» Directions for this task
With both ends included, repeat exactly the lines of the entries below from the one containing "[exact (is_derive_plus _" down to the one containing "Lemma is_derive_C_opp (u", and no others.

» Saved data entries

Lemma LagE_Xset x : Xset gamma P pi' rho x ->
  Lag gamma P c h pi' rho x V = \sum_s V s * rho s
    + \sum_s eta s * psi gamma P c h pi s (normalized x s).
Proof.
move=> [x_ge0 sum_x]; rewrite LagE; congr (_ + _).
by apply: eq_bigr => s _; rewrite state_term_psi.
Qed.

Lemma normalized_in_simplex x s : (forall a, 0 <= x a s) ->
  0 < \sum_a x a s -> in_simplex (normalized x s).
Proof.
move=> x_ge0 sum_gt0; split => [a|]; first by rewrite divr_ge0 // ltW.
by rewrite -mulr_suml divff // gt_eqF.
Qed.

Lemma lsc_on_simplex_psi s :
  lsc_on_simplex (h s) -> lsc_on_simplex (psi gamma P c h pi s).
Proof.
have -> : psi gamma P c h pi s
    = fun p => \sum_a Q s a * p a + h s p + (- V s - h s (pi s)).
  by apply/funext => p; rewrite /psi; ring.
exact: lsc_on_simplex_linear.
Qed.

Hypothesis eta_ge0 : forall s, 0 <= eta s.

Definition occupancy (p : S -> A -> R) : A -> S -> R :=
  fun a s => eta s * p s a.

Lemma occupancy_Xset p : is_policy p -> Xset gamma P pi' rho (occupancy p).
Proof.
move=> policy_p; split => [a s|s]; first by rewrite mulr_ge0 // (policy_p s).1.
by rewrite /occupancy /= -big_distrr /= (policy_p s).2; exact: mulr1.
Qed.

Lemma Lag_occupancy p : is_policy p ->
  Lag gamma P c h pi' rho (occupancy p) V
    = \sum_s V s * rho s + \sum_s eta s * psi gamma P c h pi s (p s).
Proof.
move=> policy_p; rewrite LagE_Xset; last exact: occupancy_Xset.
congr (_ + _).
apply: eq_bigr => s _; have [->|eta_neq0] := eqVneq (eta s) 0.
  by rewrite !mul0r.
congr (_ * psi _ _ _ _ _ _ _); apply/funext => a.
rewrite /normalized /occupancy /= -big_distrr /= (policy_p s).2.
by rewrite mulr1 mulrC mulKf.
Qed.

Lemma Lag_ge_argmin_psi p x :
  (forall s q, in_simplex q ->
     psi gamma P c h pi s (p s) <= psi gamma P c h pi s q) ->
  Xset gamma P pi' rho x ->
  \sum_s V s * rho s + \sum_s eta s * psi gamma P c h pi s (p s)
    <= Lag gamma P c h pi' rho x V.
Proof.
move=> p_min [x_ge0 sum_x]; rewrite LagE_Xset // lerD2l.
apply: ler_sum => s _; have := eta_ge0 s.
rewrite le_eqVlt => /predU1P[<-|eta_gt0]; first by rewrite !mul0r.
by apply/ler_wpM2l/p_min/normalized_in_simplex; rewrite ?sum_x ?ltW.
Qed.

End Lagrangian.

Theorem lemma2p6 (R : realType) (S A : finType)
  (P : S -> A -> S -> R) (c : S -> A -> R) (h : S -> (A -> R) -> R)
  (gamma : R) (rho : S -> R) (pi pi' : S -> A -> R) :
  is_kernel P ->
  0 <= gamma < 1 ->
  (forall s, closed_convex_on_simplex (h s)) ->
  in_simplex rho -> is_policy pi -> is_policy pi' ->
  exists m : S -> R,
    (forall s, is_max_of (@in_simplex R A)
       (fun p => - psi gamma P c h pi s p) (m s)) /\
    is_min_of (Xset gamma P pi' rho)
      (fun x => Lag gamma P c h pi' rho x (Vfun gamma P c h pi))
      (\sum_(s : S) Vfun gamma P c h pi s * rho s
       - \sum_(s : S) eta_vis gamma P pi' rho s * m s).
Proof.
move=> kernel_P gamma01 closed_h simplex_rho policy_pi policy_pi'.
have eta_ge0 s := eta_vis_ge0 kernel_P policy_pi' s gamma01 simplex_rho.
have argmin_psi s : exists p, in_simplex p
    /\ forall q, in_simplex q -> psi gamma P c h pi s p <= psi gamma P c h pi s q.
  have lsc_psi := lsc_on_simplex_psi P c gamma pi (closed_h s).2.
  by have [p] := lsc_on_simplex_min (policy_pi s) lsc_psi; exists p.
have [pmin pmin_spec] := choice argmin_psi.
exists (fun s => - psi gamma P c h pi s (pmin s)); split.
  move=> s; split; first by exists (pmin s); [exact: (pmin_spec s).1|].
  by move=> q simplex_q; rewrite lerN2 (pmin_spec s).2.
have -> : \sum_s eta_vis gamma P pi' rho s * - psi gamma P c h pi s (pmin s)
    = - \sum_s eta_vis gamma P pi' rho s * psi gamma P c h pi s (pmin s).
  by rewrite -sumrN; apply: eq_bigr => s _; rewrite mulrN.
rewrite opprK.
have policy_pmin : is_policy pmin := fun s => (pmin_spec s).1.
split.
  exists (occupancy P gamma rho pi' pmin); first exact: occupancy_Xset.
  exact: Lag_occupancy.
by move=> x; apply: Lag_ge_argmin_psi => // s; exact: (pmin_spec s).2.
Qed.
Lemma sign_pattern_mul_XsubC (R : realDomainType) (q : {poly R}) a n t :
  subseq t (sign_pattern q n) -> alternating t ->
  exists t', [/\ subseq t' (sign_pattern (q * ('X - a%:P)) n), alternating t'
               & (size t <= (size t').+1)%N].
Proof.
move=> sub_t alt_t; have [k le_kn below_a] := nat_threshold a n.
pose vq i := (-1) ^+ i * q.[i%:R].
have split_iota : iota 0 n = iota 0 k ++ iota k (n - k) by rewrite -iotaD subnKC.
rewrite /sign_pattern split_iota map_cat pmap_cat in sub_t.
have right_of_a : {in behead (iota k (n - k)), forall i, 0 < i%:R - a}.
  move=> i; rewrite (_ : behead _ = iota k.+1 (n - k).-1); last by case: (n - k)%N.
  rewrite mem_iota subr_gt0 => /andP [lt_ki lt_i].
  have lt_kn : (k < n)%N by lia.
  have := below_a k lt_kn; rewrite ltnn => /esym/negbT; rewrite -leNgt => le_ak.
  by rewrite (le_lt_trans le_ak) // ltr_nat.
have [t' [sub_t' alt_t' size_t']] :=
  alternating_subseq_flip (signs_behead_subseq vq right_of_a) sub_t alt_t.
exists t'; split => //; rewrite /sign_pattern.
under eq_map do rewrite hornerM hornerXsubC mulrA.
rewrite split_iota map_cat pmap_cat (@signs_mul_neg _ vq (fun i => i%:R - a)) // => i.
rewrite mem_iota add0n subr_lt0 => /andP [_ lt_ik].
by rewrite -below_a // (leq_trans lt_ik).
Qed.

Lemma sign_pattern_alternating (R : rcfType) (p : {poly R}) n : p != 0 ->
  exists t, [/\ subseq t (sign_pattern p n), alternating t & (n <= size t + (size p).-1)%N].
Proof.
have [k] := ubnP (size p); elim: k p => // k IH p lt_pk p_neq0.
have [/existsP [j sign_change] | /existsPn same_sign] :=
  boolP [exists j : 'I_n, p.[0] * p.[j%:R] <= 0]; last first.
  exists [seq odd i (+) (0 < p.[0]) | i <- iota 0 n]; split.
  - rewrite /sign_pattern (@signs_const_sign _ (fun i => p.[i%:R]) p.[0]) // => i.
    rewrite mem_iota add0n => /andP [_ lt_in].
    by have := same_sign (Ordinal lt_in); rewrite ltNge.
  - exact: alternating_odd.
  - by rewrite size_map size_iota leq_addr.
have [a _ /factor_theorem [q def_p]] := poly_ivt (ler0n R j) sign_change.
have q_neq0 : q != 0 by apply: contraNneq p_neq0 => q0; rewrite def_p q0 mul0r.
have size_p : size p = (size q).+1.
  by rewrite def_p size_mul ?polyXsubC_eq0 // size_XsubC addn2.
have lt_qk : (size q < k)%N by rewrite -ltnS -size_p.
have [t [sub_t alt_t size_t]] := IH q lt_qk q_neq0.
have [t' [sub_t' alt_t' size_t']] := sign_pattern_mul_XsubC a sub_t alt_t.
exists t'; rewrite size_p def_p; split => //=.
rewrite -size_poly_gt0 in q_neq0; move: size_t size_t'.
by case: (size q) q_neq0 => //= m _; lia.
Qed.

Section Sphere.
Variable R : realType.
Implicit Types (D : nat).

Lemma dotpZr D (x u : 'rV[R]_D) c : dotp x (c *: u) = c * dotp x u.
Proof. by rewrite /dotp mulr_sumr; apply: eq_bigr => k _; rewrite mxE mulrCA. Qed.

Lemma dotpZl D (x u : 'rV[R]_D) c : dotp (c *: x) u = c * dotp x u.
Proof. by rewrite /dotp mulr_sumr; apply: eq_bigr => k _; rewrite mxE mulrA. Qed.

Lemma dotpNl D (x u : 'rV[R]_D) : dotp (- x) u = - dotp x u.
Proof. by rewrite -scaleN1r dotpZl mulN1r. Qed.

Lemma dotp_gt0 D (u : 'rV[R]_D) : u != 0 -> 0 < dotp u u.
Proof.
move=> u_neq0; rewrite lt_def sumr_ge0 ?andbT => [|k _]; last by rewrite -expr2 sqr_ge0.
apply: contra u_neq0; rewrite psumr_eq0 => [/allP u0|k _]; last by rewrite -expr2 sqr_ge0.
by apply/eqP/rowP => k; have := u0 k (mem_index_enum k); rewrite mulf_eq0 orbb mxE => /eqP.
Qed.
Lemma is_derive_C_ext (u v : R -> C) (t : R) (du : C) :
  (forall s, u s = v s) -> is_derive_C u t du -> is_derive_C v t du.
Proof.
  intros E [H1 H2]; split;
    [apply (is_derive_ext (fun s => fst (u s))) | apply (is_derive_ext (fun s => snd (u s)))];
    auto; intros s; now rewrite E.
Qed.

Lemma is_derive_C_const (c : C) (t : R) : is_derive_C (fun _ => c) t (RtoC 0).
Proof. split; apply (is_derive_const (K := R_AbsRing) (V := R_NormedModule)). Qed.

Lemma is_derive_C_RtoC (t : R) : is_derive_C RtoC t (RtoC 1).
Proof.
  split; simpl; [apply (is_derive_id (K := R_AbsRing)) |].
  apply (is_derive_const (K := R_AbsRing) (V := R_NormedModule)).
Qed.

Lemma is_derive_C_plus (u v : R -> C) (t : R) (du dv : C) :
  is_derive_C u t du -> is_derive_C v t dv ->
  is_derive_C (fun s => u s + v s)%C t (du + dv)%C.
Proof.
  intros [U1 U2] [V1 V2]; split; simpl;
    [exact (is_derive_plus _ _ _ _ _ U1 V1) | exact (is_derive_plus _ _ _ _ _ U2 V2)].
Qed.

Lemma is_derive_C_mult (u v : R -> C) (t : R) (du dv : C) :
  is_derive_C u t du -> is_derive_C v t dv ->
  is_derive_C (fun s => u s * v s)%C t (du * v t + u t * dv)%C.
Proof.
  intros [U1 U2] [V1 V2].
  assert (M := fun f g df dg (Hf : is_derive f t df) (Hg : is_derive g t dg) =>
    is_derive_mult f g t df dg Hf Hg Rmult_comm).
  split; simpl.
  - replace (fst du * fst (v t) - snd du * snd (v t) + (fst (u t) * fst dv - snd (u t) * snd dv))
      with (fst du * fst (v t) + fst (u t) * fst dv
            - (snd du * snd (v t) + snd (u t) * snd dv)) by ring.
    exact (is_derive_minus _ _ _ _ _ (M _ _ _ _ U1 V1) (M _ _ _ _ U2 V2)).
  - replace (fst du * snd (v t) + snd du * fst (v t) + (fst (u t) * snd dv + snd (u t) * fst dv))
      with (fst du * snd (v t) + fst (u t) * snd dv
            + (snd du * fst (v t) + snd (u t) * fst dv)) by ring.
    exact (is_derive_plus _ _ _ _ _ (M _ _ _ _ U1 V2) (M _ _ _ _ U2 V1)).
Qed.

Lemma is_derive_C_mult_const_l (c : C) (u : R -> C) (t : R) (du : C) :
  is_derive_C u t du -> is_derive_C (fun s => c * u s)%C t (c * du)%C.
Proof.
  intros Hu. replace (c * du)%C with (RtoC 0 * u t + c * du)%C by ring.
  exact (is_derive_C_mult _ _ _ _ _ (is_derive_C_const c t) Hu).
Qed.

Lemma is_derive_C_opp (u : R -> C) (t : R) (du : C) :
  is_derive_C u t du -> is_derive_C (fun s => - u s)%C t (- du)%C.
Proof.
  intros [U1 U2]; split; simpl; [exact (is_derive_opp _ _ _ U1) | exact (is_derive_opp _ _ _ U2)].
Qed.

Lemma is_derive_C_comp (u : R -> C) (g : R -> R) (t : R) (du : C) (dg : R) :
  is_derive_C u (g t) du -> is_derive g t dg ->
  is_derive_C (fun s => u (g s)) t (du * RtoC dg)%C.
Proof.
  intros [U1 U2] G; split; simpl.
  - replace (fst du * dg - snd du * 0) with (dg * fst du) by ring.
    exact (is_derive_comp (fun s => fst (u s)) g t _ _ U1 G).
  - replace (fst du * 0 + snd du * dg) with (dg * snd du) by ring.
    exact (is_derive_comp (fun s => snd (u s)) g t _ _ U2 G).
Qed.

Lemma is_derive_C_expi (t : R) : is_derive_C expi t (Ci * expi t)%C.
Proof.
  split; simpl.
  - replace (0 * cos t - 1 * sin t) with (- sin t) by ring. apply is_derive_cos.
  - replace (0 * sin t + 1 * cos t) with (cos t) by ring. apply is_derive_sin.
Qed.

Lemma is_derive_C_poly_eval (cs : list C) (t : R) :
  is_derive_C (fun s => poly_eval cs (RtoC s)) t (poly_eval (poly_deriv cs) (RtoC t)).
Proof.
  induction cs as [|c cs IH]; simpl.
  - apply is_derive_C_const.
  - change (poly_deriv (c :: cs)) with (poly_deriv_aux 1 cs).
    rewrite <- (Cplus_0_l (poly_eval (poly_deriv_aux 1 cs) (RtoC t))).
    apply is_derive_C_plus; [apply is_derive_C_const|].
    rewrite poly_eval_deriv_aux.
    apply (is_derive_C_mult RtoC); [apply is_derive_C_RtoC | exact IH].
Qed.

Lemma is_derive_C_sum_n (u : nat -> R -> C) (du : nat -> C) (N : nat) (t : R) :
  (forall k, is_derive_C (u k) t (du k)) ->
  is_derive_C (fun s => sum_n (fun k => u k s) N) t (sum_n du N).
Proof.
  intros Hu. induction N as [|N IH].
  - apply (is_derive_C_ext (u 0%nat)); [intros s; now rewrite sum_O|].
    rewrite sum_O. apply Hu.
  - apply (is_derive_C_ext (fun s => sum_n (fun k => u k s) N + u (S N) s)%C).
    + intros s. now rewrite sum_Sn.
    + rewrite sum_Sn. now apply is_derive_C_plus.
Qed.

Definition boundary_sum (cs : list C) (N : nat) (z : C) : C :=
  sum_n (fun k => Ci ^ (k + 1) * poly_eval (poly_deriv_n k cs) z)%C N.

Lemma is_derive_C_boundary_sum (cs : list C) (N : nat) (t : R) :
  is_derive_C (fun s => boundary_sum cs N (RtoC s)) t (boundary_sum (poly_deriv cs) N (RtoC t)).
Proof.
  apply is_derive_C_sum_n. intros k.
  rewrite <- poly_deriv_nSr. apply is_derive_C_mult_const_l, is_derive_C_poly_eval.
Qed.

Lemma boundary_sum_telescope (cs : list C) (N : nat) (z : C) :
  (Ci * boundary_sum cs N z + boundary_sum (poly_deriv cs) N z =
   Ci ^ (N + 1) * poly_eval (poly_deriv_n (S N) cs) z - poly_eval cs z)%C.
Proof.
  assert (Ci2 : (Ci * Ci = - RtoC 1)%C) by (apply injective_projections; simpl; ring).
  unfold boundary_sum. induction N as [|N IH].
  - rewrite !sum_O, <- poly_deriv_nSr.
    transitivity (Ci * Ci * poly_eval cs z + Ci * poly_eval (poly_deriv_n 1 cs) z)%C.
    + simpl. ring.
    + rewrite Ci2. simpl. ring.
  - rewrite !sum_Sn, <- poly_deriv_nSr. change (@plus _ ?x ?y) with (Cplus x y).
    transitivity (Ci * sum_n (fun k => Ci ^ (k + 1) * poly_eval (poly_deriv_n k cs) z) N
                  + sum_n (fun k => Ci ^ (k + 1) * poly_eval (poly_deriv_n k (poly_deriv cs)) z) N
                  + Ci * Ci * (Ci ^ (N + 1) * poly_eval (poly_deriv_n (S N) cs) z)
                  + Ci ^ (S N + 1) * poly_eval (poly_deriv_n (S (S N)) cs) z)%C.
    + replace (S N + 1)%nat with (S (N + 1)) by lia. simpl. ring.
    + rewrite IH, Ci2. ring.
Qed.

» Completed exercise
    [exact (is_derive_plus _ _ _ _ _ U1 V1) | exact (is_derive_plus _ _ _ _ _ U2 V2)].
Qed.

Lemma is_derive_C_mult (u v : R -> C) (t : R) (du dv : C) :
  is_derive_C u t du -> is_derive_C v t dv ->
  is_derive_C (fun s => u s * v s)%C t (du * v t + u t * dv)%C.
Proof.
  intros [U1 U2] [V1 V2].
  assert (M := fun f g df dg (Hf : is_derive f t df) (Hg : is_derive g t dg) =>
    is_derive_mult f g t df dg Hf Hg Rmult_comm).
  split; simpl.
  - replace (fst du * fst (v t) - snd du * snd (v t) + (fst (u t) * fst dv - snd (u t) * snd dv))
      with (fst du * fst (v t) + fst (u t) * fst dv
            - (snd du * snd (v t) + snd (u t) * snd dv)) by ring.
    exact (is_derive_minus _ _ _ _ _ (M _ _ _ _ U1 V1) (M _ _ _ _ U2 V2)).
  - replace (fst du * snd (v t) + snd du * fst (v t) + (fst (u t) * snd dv + snd (u t) * fst dv))
      with (fst du * snd (v t) + fst (u t) * snd dv
            + (snd du * fst (v t) + snd (u t) * fst dv)) by ring.
    exact (is_derive_plus _ _ _ _ _ (M _ _ _ _ U1 V2) (M _ _ _ _ U2 V1)).
Qed.

Lemma is_derive_C_mult_const_l (c : C) (u : R -> C) (t : R) (du : C) :
  is_derive_C u t du -> is_derive_C (fun s => c * u s)%C t (c * du)%C.
Proof.
  intros Hu. replace (c * du)%C with (RtoC 0 * u t + c * du)%C by ring.
  exact (is_derive_C_mult _ _ _ _ _ (is_derive_C_const c t) Hu).
Qed.

Lemma is_derive_C_opp (u : R -> C) (t : R) (du : C) :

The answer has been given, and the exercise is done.